REFINING RESULTS WITH DATA ANALYTICS
Computer algorithms find meaningful patterns that identify trends and relationships or sort and process data into more useful information pieces. Analytics achieve a set of solutions to answer a question, provide if-then scenarios, or generate alert notifications to help analysts key in on the best available information from the complete set of data from the various sources. By integrating algorithms with analytics, we can get desired results from big data sources more quickly.
Advanced systems capitalize on proven algorithms and incorporate commercially available and custom analytics to seamlessly bring data sets together, process the data into information, and identify the key information of interest. With automated processing, we can generate automated reports or customized alerts when prescribed thresholds are reached or identified, giving analysts a heads-up to investigate or take action.
There are a few general categories of analytics that help us pull progressively important information out of combined data sets. The first level of analytics, known as descriptive analytics, aim to identify what happened, like a change in the number of objects. The resulting information tells a story or identifies something that needs to be investigated from within large amounts of data.
The next level, diagnostic analytics, takes this understanding one step further by identifying why something happened, providing analysts with information they can use to make decisions.
Once the analytics in a domain are reliably providing descriptive and diagnostic results, we can move forward to furthering the value of decision-making information with predictive analytics. Here, the system begins to predict with a high level of confidence that something will happen based on combined mathematical and statistical calculations of expected outcomes with the specific data conditions.
Harris’ research and investments in the geospatial domain are focused on furthering machine learning capabilities to enhance the predictability of outcomes to achieve this level of offering predictive analytics and predictive systems maintenance. Predictive analytics have the potential to reduce system life-cycle cost and improve mission reliability by giving advance notice of looming component failures, which can then be managed to limit system downtime and loss of mission capability.
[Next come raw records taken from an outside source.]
Section DprodSplitting.
Variables (gT : finGroupType) (X N' N D : {group gT}).
Hypotheses (defN : X \x N' = N) (sDN : D \subset N).

Let D' := (D <*> X) :&: N'.

Let cXN' : N' \subset 'C(X). Proof. by have [] := dprodP defN. Qed.
Let nsXN : X <| N. Proof. exact: (dprod_normal2 defN).1. Qed.
Let nDX : D \subset 'N(X). Proof. exact: subset_trans sDN (normal_norm nsXN). Qed.

Let defDX : D <*> X = X * D'.
Proof.
have [_ defXN' _ _] := dprodP defN.
rewrite /D' setIC group_modl ?joing_subr // defXN'.
by apply/esym/setIidPr; rewrite join_subG sDN normal_sub.
Qed.

Lemma dprod_mul_cent_restr (Y : {group gT}) :
  Y \subset N' -> D * 'C_N(Y) = N -> D' * 'C_N'(Y) = N'.
Proof.
move=> sYN' defDC; have [_ defXN' _ _] := dprodP defN.
have cXY : X \subset 'C(Y) by rewrite centsC (subset_trans sYN').
have defC : 'C_N(Y) = X * 'C_N'(Y) by rewrite -defXN' -group_modl.
rewrite /D' setIC group_modr ?subsetIl // (norm_joinEl nDX).
by rewrite -mulgA -defC defDC; apply/setIidPl; rewrite -defXN' mulG_subr.
Qed.

Variable K : {group gT}.
Hypothesis complK : K \in [complements to D' in N'].

Let sKN' : K \subset N'. Proof. by have /complP[_ <-] := complK; rewrite mulG_subr. Qed.

Lemma dprod_compl_sub : X \subset D -> K \in [complements to D in N].
Proof.
move=> sXD; have /complP[tiD'K defN'] := complK.
have [_ defXN' _ _] := dprodP defN.
have defD : D :=: X * D' by rewrite -defDX (joing_idPl sXD).
apply/complP; split; last by rewrite defD -mulgA defN' defXN'.
by rewrite -tiD'K /D' (joing_idPl sXD) -setIA (setIidPr sKN').
Qed.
The pinnacle of the hierarchy of information value is prescriptive analytics. More difficult to achieve, but more valuable to possess, prescriptive analytics provide valuable insight into the steps that can be taken to prevent something from happening or cause it to occur. Harris is working in this area to fine-tune results that support daily systems maintenance.
BRINGING IT ALL TOGETHER
Through computer automation techniques, activities that once took days or weeks can now be completed in hours, enabling users to assign personnel to tasks that require higher levels of thinking. By capitalizing on advancements in technology and algorithm development, we are melding massive datasets into intelligence that matters for change detection, predicting what will happen next, and prescribing maintenance to prevent failures. Tools, like our Helios® weather analytics platform, turn raw data points into live road-weather condition alerts to support dynamic truck routing. With these tools, our domain expertise, and first-hand sensor knowledge, we can deliver innovation in the ever-changing environment of data channels to create unique, specialized intelligence.
Erik Arvesen is vice president and general manager of Harris’ Geospatial Solutions business unit. Harris provides a broad range of geospatial products, content management, advanced geospatial analytics, machine learning, and commercial geospatial solutions.